(Sharecast News) - Engineering company Weir said on Thursday that it had delivered both "order growth and strong execution" in the first quarter, with its margin expansion programme said to be on track.

Weir stated group orders in the quarter were up 4%, with original equipment orders 22% higher, while after-market orders were flat against a prior year comparator which was a peak quarter for infrastructure.

Quarterly revenues and operating margins both grew in the three months ended 31 March, with the company telling investors that it was on track to deliver its target of 17% operating margins in 2023.

Minerals after-market orders were 5% higher, thanks to positive mining production trends and installed base growth, while ESCO total orders were down 6%, reflecting infrastructure markets and Q1 2022 pre-buy.

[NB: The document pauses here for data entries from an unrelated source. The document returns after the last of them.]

(* Let $k\ge 2$ be an integer such that $T_k(x)=x^k+x+1$ is primitive over $\mathbb{F}_2$, let $M_k$ be the binary cyclic word defined in the context, and let $U$ be the rotation of $M_k$ that starts with $0^k$. Let $U_{\mathrm{lin}}=U\,U[0..k-2]$. Then $$\operatorname{BWT}(U_{\mathrm{lin}}\$)=0^{k-1}\,1\,\$\,(0011)^{2^{k-2}-1}\,010,$$ and this string has exactly $2^{k-1}+4$ runs.
   Context: Define $F:\{0,1\}^k\to\{0,1\}^k$ by $F(x_0,\dots,x_{k-1})=(x_1,\dots,x_{k-1},x_0\oplus x_1)$, and let $F'$ agree with $F$ except $F'(0^k)=0^{k-1}1$ and $F'(10^{k-1})=0^k$. Since $T_k$ is primitive, $F'$ is a single cycle on all $2^k$ states; starting from any state $x_0$ with $x_{t+1}=F'(x_t)$, let $w$ be the cyclic word of length $2^k$ with $w[t]$ the first coordinate of $x_t$ (a binary de Bruijn cycle of order $k$). $M_k$ is obtained from $w$ by reversing it and complementing every bit. Strings are $0$-indexed; a rotation of a cycle $C$ of length $n$ by $c$ is the word $U[i]=C[(i+c)\bmod n]$. $\$$ is an end-marker smaller than $0$ and $1$, appended once. $\operatorname{BWT}(v)$ is the last column of the matrix of the lexicographically sorted cyclic rotations of $v$; a run is a maximal block of one repeated symbol. *)

From mathcomp Require Import all_boot all_algebra.
Set Implicit Arguments. Unset Strict Implicit. Unset Printing Implicit Defensive.
Import GRing.Theory.

Local Open Scope ring_scope.
Definition primitive_poly2 (p : {poly 'F_2}) : Prop :=
  let k := (size p).-1 in
  [/\ irreducible_poly p,
      p %| 'X^(2 ^ k - 1)%N - 1
    & forall e : nat, (0 < e)%N -> p %| 'X^e - 1 -> (2 ^ k - 1 <= e)%N].

Definition Tpoly (k : nat) : {poly 'F_2} := 'X^k + 'X + 1.
Local Close Scope ring_scope.

(* states are sequences of booleans of length k; x = (x_0, ..., x_{k-1}) *)
Definition Fshift (x : seq bool) : seq bool :=
  behead x ++ [:: addb (nth false x 0) (nth false x 1)].

Definition Fprime (k : nat) (x : seq bool) : seq bool :=
  if x == nseq k false then rcons (nseq k.-1 false) true
  else if x == true :: nseq k.-1 false then nseq k false
  else Fshift x.

Definition dB_word (k : nat) (x0 : seq bool) : seq bool :=
  mkseq (fun t => nth false (iter t (Fprime k) x0) 0) (2 ^ k).

Definition Mword (k : nat) (x0 : seq bool) : seq bool :=
  map negb (rev (dB_word k x0)).

Definition rotation (C : seq bool) (c : nat) : seq bool :=
  mkseq (fun i => nth false C ((i + c) %% size C)) (size C).

(* Alphabet encoded in nat: $ = 0, bit 0 = 1, bit 1 = 2 (so $ < 0 < 1). *)
Definition sym (b : bool) : nat := (nat_of_bool b).+1.
Definition dollar : nat := 0.

Fixpoint lexle (s t : seq nat) : bool :=
  match s, t with
  | [::], _ => true
  | _ :: _, [::] => false
  | a :: s', b :: t' => (a < b) || ((a == b) && lexle s' t')
  end.

Definition BWT (v : seq nat) : seq nat :=
  map (fun r => last dollar r) (sort lexle [seq rot i v | i <- iota 0 (size v)]).

Fixpoint runs (s : seq nat) : nat :=
  match s with
  | [::] => 0
  | [:: _] => 1
  | x :: ((y :: _) as s') => (x != y) + runs s'
  end.

Definition bwt_target (k : nat) : seq nat :=
  nseq k.-1 (sym false) ++ [:: sym true; dollar]
  ++ flatten (nseq (2 ^ (k - 2) - 1) [:: sym false; sym false; sym true; sym true])
  ++ [:: sym false; sym true; sym false].

From mathcomp Require Import all_boot all_algebra.
From mathcomp Require Import ring zify.

Set Implicit Arguments. Unset Strict Implicit. Unset Printing Implicit Defensive.
Import GRing.Theory.

(* Primitivity of T_k makes the register F, read on polynomials as
   multiplication by X modulo T_k, run through all 2^k - 1 nonzero states in a
   single cycle; F' splices 0^k into that cycle, so w, hence M_k and U, are de
   Bruijn cycles: the 2^k windows of length k of U_lin are pairwise distinct.
   The rotations of U_lin$ starting in U are therefore sorted by the binary
   value of their first window, after the k rotations starting in the trailing
   0^(k-1)$.  The BWT letter of such a rotation is the bit of U preceding the
   window; as M_k is w reversed and complemented, it is the complement of the
   feedback of F' on the reversed complemented window, which is the XNOR of the
   window's last two bits except for the windows 1^(k-1)0 and 1^k.  Read by
   increasing window value this gives (0011)^(2^(k-2)-1) followed by 010. *)

(** * The register F as multiplication by X *)

Lemma size_Fshift x : 0 < size x -> size (Fshift x) = size x.
Proof. by case: x => //= a s _; rewrite size_cat addn1. Qed.

Lemma nth_Fshift x j : 0 < size x ->
  nth false (Fshift x) j =
  if j < (size x).-1 then nth false x j.+1
  else if j == (size x).-1 then nth false x 0 (+) nth false x 1 else false.
Proof.
case: x => //= a s _; rewrite nth_cat size_behead /=.
case: ltnP => // j_ge; case: eqP => [->|/eqP j_ne]; first by rewrite subnn.
by rewrite nth_default //= subn_gt0 ltn_neqAle eq_sym j_ne.
Qed.

Lemma Fshift_inj x y : 1 < size x -> size y = size x -> Fshift x = Fshift y -> x = y.
Proof.
case: x => [|a [|b s]] //=; case: y => [|a' [|b' s']] //= _ [size_s]; rewrite /Fshift /=.
move=> [<- /eqP]; rewrite eqseq_cat // => /andP [/eqP <- /eqP [feedback_eq]].
by congr (_ :: _ :: _); move: feedback_eq; case: a; case: a'; case: b.
Qed.

Lemma Fshift_nseq0 k : 1 < k -> Fshift (nseq k false) = nseq k false.
Proof. by case: k => [|[|k]] //= _; rewrite /Fshift /= -[[:: false]]/(nseq 1 false) -nseqD addn1. Qed.

Lemma size_iter_Fshift k x t : 0 < k -> size x = k -> size (iter t Fshift x) = k.
Proof. by move=> k_gt0 size_x; elim: t => //= t IH; rewrite size_Fshift IH. Qed.

(* The states whose [state_poly] is 1 and X; F' inserts 0^k between them. *)
Definition state1 k := true :: nseq k.-1 false.
Definition stateX k := rcons (nseq k.-1 false) true.
Definition simple_graph : Prop := symmetric e /\ irreflexive e.

Fixpoint ball (k : nat) (y : 'I_n) : {set 'I_n} :=
  match k with
  | 0 => [set y]
  | k'.+1 => ball k' y :|: [set z | [exists w in ball k' y, e w z]]
  end.

Definition gdist (y z : 'I_n) : nat := find (fun k => z \in ball k y) (iota 0 n).

Definition connected_graph : Prop := forall y z : 'I_n, exists k, z \in ball k y.

Definition diameter : nat := \max_(y < n) \max_(z < n) gdist y z.

(* intersection numbers p^h_{ij} are well defined *)
Definition distance_regular : Prop :=
  forall (y z y' z' : 'I_n) (i j : nat), gdist y z = gdist y' z' ->
    #|[set w | (gdist y w == i) && (gdist z w == j)]| =
    #|[set w | (gdist y' w == i) && (gdist z' w == j)]|.

End Graph.

Section Matrices.
Variable C : fieldType.
Variable n : nat.
Variable e : rel 'I_n.

Definition adjmx : 'M[C]_n := \matrix_(y, z) (e y z)%:R.
Definition distmx (i : nat) : 'M[C]_n := \matrix_(y, z) (gdist e y z == i)%:R.

Definition bose_mesner (D : nat) (M : 'M[C]_n) : Prop :=
  exists c : 'I_D.+1 -> C, M = \sum_(i < D.+1) c i *: distmx i.

Definition hadamard (M N : 'M[C]_n) : 'M[C]_n := \matrix_(i, j) (M i j * N i j).

Definition primitive_idempotents (D : nat) (E : 'I_D.+1 -> 'M[C]_n) : Prop :=
  [/\ (forall i, bose_mesner D (E i)),
      (forall i j, E i *m E j = if i == j then E i else 0),
      (forall i, E i != 0),
      \sum_(i < D.+1) E i = 1%:M &
      (forall i (F G : 'M[C]_n), bose_mesner D F -> bose_mesner D G ->
          F *m F = F -> G *m G = G -> F *m G = 0 -> E i = F + G ->
          F = 0 \/ G = 0)].

(* Krein parameters:  E_i o E_j = |X|^{-1} sum_h q^h_{ij} E_h *)
Definition krein (D : nat) (E : 'I_D.+1 -> 'M[C]_n) (h i j : 'I_D.+1) : C :=
  n%:R * \tr (E h *m hadamard (E i) (E j)) / \tr (E h).

Definition Q_polynomial (D : nat) (E : 'I_D.+1 -> 'M[C]_n) : Prop :=
  forall h i j : 'I_D.+1,
    ([|| (i + j < h)%N, (h + j < i)%N | (h + i < j)%N] -> krein E h i j = 0) /\
    ([|| h == (i + j)%N :> nat, i == (h + j)%N :> nat | j == (h + i)%N :> nat] ->
       krein E h i j != 0).

Definition Est (x : 'I_n) (i : nat) : 'M[C]_n :=
  diag_mx (\row_y (gdist e x y == i)%:R).

Definition dualA (x : 'I_n) (E1 : 'M[C]_n) : 'M[C]_n :=
  diag_mx (\row_y (n%:R * E1 x y)).

Inductive inT (A As : 'M[C]_n) : 'M[C]_n -> Prop :=
| inT_A : inT A As A
| inT_As : inT A As As
| inT_1 : inT A As 1%:M
| inT_add M N : inT A As M -> inT A As N -> inT A As (M + N)
| inT_scale (c : C) M : inT A As M -> inT A As (c *: M)
| inT_mul M N : inT A As M -> inT A As N -> inT A As (M *m N).

(* Subspaces W of V = C^n are encoded as row spaces of matrices W:
   a column vector v lies in W iff v^T <= W.  An operator M acting on
   column vectors maps W into itself iff W *m M^T <= W. *)
Definition Tmodule (A As W : 'M[C]_n) : Prop :=
  forall M, inT A As M -> (W *m M^T <= W)%MS.
(* For all multidistributions $\mu,\nu$ on configurations, real $w\ge0$, expectation $f$ and $c\in\{\mathit{true},\mathit{false}\}$: if $\mu\Rightarrow_w\nu$ (one step of the lifted relation on multidistributions), then \[ \mathbb{E}_\mu(e_c(f)) \;\ge\; [c]\cdot w + \mathbb{E}_\nu(e_c(f)). \]
   Context: Let $\mathrm{Var}$ be a finite set of integer-valued variables and $\Sigma = \mathrm{Var}\to\mathbb{Z}$ the set of stores; $\sigma[x\mapsto i]$ is the store updated at $x$. Boolean expressions $\varphi$ are evaluated on stores ($\sigma\models\varphi$). A distribution expression $d$ assigns to each store $\sigma$ a probability distribution $d(\sigma)$ on $\mathbb{Z}$. Commands: $C,D ::= \mathtt{skip} \mid \mathtt{tick}(r) \mid \mathtt{halt} \mid x :\approx d \mid \mathtt{if}_{[\psi]}(\varphi)\{C\}\{D\} \mid \mathtt{while}_{[\psi]}(\varphi)\{C\} \mid C \,\square\, D \mid C \oplus_p D \mid C;D$, with $r$ a nonnegative rational, $p\in[0,1]$. Expectations are functions $f:\Sigma\to[0,\infty]$, with pointwise operations, $\mathbf{r}$ the constant $r$, $[\varphi](\sigma)\in\{0,1\}$ the indicator, $[c]=1$ if $c=\mathit{true}$ and $0$ otherwise, $0\cdot\infty=0$. Transformer $\mathsf{et}_c$: $\mathsf{et}_c[\mathtt{skip}](f)=f$; $\mathsf{et}_c[\mathtt{tick}(r)](f)=[c]\cdot\mathbf{r}+f$; $\mathsf{et}_c[\mathtt{halt}](f)=\mathbf{0}$; $\mathsf{et}_c[x:\approx d](f)=\lambda\sigma.\sum_{i} d(\sigma)(i)\, f(\sigma[x\mapsto i])$; $\mathsf{et}_c[\mathtt{if}_{[\psi]}(\varphi)\{C\}\{D\}](f)=[\psi\wedge\varphi]\cdot\mathsf{et}_c[C](f)+[\psi\wedge\neg\varphi]\cdot\mathsf{et}_c[D](f)$; $\mathsf{et}_c[\mathtt{while}_{[\psi]}(\varphi)\{C\}](f)=\mathrm{lfp}\,F.\ [\psi\wedge\varphi]\cdot\mathsf{et}_c[C](F)+[\psi\wedge\neg\varphi]\cdot f$ (least fixed point, pointwise order); $\mathsf{et}_c[C\,\square\,D](f)=\max(\mathsf{et}_c[C](f),\mathsf{et}_c[D](f))$; $\mathsf{et}_c[C\oplus_p D](f)=\mathbf{p}\cdot\mathsf{et}_c[C](f)+\mathbf{(1-p)}\cdot\mathsf{et}_c[D](f)$; $\mathsf{et}_c[C;D](f)=\mathsf{et}_c[C](\mathsf{et}_c[D](f))$. Configurations: $\mathrm{Conf}=(\mathrm{Cmd}\times\Sigma)\cup\Sigma\cup\{\bot\}$; an active configuration is written $\langle C,\sigma\rangle$. A multidistribution on a set $A$ is a countable multiset $\mu$ of pairs $q:a$ with $a\in A$, $0<q\le1$, and $\sum_{q:a\in\mu}q\le1$; $\mathbb{E}_\mu(g)=\sum_{q:a\in\mu}q\cdot g(a)$ (with multiplicity). For $0<p\le1$, $p\cdot\{q_i:a_i\}_i=\{p q_i:a_i\}_i$, and for a countable family with $p_i>0$, $\sum_ip_i\le1$, $\biguplus_i p_i\cdot\mu_i$ is the multiset union of the $p_i\cdot\mu_i$. For $h:A\to B$, $\overline h(\{q_i:a_i\}_i)=\{q_i:h(a_i)\}_i$. A configuration $\gamma$ is identified with $\{1:\gamma\}$; entries with probability $0$ are omitted. The one-step relation $\gamma\to_w\mu$ is the least relation closed under: $\langle\mathtt{skip},\sigma\rangle\to_0\sigma$; $\langle\mathtt{tick}(r),\sigma\rangle\to_r\sigma$; $\langle\mathtt{halt},\sigma\rangle\to_0\bot$; $\langle x:\approx d,\sigma\rangle\to_0\{d(\sigma)(i):\sigma[x\mapsto i]\mid d(\sigma)(i)>0\}$; $\langle\mathtt{if}_{[\psi]}(\varphi)\{C\}\{D\},\sigma\rangle\to_0\langle C,\sigma\rangle$ if $\sigma\models\psi\wedge\varphi$, $\to_0\langle D,\sigma\rangle$ if $\sigma\models\psi\wedge\neg\varphi$, $\to_0\bot$ if $\sigma\models\neg\psi$; $\langle\mathtt{while}_{[\psi]}(\varphi)\{C\},\sigma\rangle\to_0\langle C;\mathtt{while}_{[\psi]}(\varphi)\{C\},\sigma\rangle$ if $\sigma\models\psi\wedge\varphi$, $\to_0\sigma$ if $\sigma\models\psi\wedge\neg\varphi$, $\to_0\bot$ if $\sigma\models\neg\psi$; $\langle C\,\square\,D,\sigma\rangle\to_0\langle C,\sigma\rangle$ and $\to_0\langle D,\sigma\rangle$; $\langle C\oplus_pD,\sigma\rangle\to_0\{p:\langle C,\sigma\rangle,1-p:\langle D,\sigma\rangle\}$; if $\langle C,\sigma\rangle\to_r\mu$ then $\langle C;D,\sigma\rangle\to_r\overline{\kappa_D}(\mu)$, where $\kappa_D(\langle C',\sigma'\rangle)=\langle C';D,\sigma'\rangle$, $\kappa_D(\sigma')=\langle D,\sigma'\rangle$, $\kappa_D(\bot)=\bot$. The lifted relation $\mu\Rightarrow_w\nu$ on multidistributions is the least relation with: $\mu\Rightarrow_0\mu$; $\{1:\gamma\}\Rightarrow_w\mu$ whenever $\gamma\to_w\mu$; and if $\mu_i\Rightarrow_{w_i}\nu_i$ for all $i$ in a countable index set $I$, $p_i>0$, $\sum_ip_i\le1$, then $\biguplus_ip_i\cdot\mu_i\Rightarrow_{w}\biguplus_ip_i\cdot\nu_i$ with $w=\sum_ip_iw_i$. For an expectation $f$, $e_c(f):\mathrm{Conf}\to[0,\infty]$ is defined by $e_c(f)(\langle C,\sigma\rangle)=\mathsf{et}_c[C](f)(\sigma)$, $e_c(f)(\sigma)=f(\sigma)$, $e_c(f)(\bot)=0$. *)

From HB Require Import structures.
From mathcomp Require Import all_boot all_order all_algebra.
From mathcomp Require Import all_classical all_reals.
From mathcomp Require Import ereal esum.
(* Let $A,\Delta A\in\mathbb{R}^{n\times m}$, $\widetilde A=A+\Delta A$, $1\le r<\min\{n,m\}$, and assume $\widetilde\sigma_r>0$ so that $\widetilde\Sigma_1$ is invertible. Let $U_1^T\widetilde U_1=Q_1SQ_2^T$ be an SVD ($Q_1,Q_2\in\mathbb{O}_r$, $S$ diagonal nonnegative) and $Q=Q_1Q_2^T$. Then \[\widetilde U_1-U_1Q=U_2U_2^T(\Delta A)V_1V_1^T\widetilde V_1\widetilde\Sigma_1^{-1}+U_2U_2^T(\Delta A)V_2V_2^T\widetilde V_1\widetilde\Sigma_1^{-1}+U_2\Sigma_2V_2^T\widetilde V_1\widetilde\Sigma_1^{-1}+U_1Q_1(S-I)Q_2^T,\] and $\|S-I\|\le\|\sin\Theta(U_1,\widetilde U_1)\|^2$.
   Context: $A=U\Sigma V^T$, $\widetilde A=\widetilde U\widetilde\Sigma\widetilde V^T$ are full SVDs ($U,\widetilde U\in\mathbb{R}^{n\times n}$, $V,\widetilde V\in\mathbb{R}^{m\times m}$ orthogonal, singular values $\sigma_1\ge\dots$ and $\widetilde\sigma_1\ge\dots$ nonincreasing). $U=(U_1\ U_2)$, $U_1\in\mathbb{R}^{n\times r}$; $V=(V_1\ V_2)$, $V_1\in\mathbb{R}^{m\times r}$; $\widetilde U_1,\widetilde V_1$ analogously for $\widetilde A$; $\widetilde\Sigma_1=\mathrm{diag}(\widetilde\sigma_1,\dots,\widetilde\sigma_r)$; $\Sigma_2\in\mathbb{R}^{(n-r)\times(m-r)}$ is rectangular diagonal with diagonal $\sigma_{r+1},\sigma_{r+2},\dots$. $\mathbb{O}_r$ is the set of $r\times r$ orthogonal matrices. $\|\cdot\|$ is the spectral norm. For $X,\widetilde X\in\mathbb{R}^{d\times r}$ with orthonormal columns, if $\zeta_1\ge\dots\ge\zeta_r$ are the singular values of $X^T\widetilde X$, then $\sin\Theta(X,\widetilde X)=\mathrm{diag}(\sqrt{1-\zeta_1^2},\dots,\sqrt{1-\zeta_r^2})$. *)

From HB Require Import structures.
From mathcomp Require Import all_boot all_order all_algebra.
From mathcomp Require Import classical_sets reals.
Set Implicit Arguments. Unset Strict Implicit. Unset Printing Implicit Defensive.
Import Order.TTheory GRing.Theory Num.Theory.
Local Open Scope ring_scope.
Local Open Scope classical_set_scope.

Section Defs.
Variable R : realType.

Definition orthogonal_mx (k : nat) (Q : 'M[R]_k) : Prop := Q^T *m Q = 1%:M.

Definition rdiag (a b : nat) (D : 'M[R]_(a, b)) : Prop :=
  forall (i : 'I_a) (j : 'I_b), (i : nat) <> j -> D i j = 0.

Definition diag_nonneg_noninc (a b : nat) (D : 'M[R]_(a, b)) : Prop :=
  forall (i1 i2 : 'I_a) (j1 j2 : 'I_b),
    (i1 : nat) = j1 -> (i2 : nat) = j2 -> (i1 <= i2)%N ->
    0 <= D i2 j2 /\ D i2 j2 <= D i1 j1.

Definition svd_of (a b : nat) (M : 'M[R]_(a, b)) (P : 'M[R]_a) (D : 'M[R]_(a, b))
    (W : 'M[R]_b) : Prop :=
  [/\ orthogonal_mx P, orthogonal_mx W, rdiag D, diag_nonneg_noninc D
    & M = P *m D *m W^T].

Definition singvals_of (k : nat) (M : 'M[R]_k) (z : 'rV[R]_k) : Prop :=
  exists P W, svd_of M P (diag_mx z) W.

(* the singular values, zeta_1 >= ... >= zeta_k (chosen; they are unique) *)
Definition singvals (k : nat) (M : 'M[R]_k) : 'rV[R]_k :=
  xget 0 (fun z => singvals_of M z).

Definition sinTheta (d k : nat) (X Xt : 'M[R]_(d, k)) : 'M[R]_k :=
  let z := singvals (X^T *m Xt) in diag_mx (\row_i Num.sqrt (1 - z 0 i ^+ 2)).

Definition vnorm (b : nat) (x : 'cV[R]_b) : R := Num.sqrt (\sum_j x j 0 ^+ 2).

Definition spnorm (a b : nat) (M : 'M[R]_(a, b)) : R :=
  sup [set y | exists x : 'cV[R]_b, vnorm x = 1 /\ y = vnorm (M *m x)].

End Defs.

From HB Require Import structures.
From mathcomp Require Import all_boot all_order all_algebra.
From mathcomp Require Import classical_sets reals.
From mathcomp Require Import boolp lra.
Import Order.TTheory GRing.Theory Num.Theory.
Local Open Scope ring_scope.
Set Implicit Arguments. Unset Strict Implicit. Unset Printing Implicit Defensive.

(* Multiplying the SVD of A + dA by Vt1 gives Ut1 = (A + dA) Vt1 Sgt1^-1.  The
   identity follows by splitting Ut1 = U1 U1^T Ut1 + U2 U2^T Ut1 and dA = dA (V1 V1^T
   + V2 V2^T), and substituting U1^T Ut1 = Q1 S Q2^T and U2^T A = Sg2 V2^T.
   For the bound, the diagonal entry s_i of S is the length of the image of the unit
   vector Q2 e_i under the contraction U1^T Ut1, so 0 <= s_i <= 1 and s_i is at least
   the smallest singular value zeta_r of U1^T Ut1.  Hence
   1 - s_i <= 1 - s_i^2 <= 1 - zeta_r^2 <= |sin Theta(U1, Ut1)|^2. *)

Section SpectralNorm.
Variable R : realType.

Definition sqnorm (b : nat) (x : 'cV[R]_b) : R := (x^T *m x) 0 0.

Lemma sqnormE b (x : 'cV[R]_b) : sqnorm x = \sum_j x j 0 ^+ 2.
Proof. by rewrite /sqnorm mxE; apply: eq_bigr => j _; rewrite !mxE expr2. Qed.

Lemma sqnorm_ge0 b (x : 'cV[R]_b) : 0 <= sqnorm x.
Proof. by rewrite sqnormE; apply: sumr_ge0 => j _; apply: sqr_ge0. Qed.

Lemma vnormE b (x : 'cV[R]_b) : vnorm x = Num.sqrt (sqnorm x).
Proof. by rewrite sqnormE. Qed.

Lemma sqnorm_unit b (x : 'cV[R]_b) : vnorm x = 1 -> sqnorm x = 1.
Proof. by rewrite vnormE => h; rewrite -(sqr_sqrtr (sqnorm_ge0 x)) h expr1n. Qed.

Lemma sqnormZ b s (x : 'cV[R]_b) : sqnorm (s *: x) = s ^+ 2 * sqnorm x.
Proof. by rewrite !sqnormE mulr_sumr; apply: eq_bigr => j _; rewrite mxE exprMn. Qed.

Lemma sqnorm_delta b (i : 'I_b) : sqnorm (delta_mx i 0 : 'cV[R]_b) = 1.
Proof. by rewrite /sqnorm trmx_delta mul_delta_mx mxE !eqxx. Qed.

Lemma vnorm_delta b (i : 'I_b) : vnorm (delta_mx i 0 : 'cV[R]_b) = 1.
Proof. by rewrite vnormE sqnorm_delta sqrtr1. Qed.

Lemma sqnorm_isometry a b (X : 'M[R]_(a, b)) x :
  X^T *m X = 1%:M -> sqnorm (X *m x) = sqnorm x.
Proof. by move=> h; rewrite /sqnorm trmx_mul mulmxA -(mulmxA x^T) h mulmx1. Qed.

Lemma sqnorm_split a b c (X : 'M[R]_(a, b)) (Y : 'M[R]_(a, c)) y :
  X *m X^T + Y *m Y^T = 1%:M -> sqnorm y = sqnorm (X^T *m y) + sqnorm (Y^T *m y).
Proof.
move=> h; rewrite /sqnorm !trmx_mul !trmxK.
have -> : y^T *m y = y^T *m (1%:M *m y) by rewrite mul1mx.
by rewrite -h mulmxDl mulmxDr !mulmxA mxE.
Qed.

Chief executive Jon Stanton said: "The value creation opportunity for Weir is compelling. The mining industry needs to produce more critical metals to support the transition to net zero, and must extract these in a more sustainable way. Our leading global brands, engineering capability, and technology-led strategy means we are well placed to capitalise. This opportunity, together with our Performance Excellence programme, underpins our growth, margin expansion, and cash conversion targets.

"Our strong execution and order book growth in the first quarter reinforces our confidence in achieving our 2023 guidance. We are on track to deliver another year of growth in revenues and our operating margin target of 17%."

As of 0815 BST, Weir shares were down 2.41% at 1,847.34p.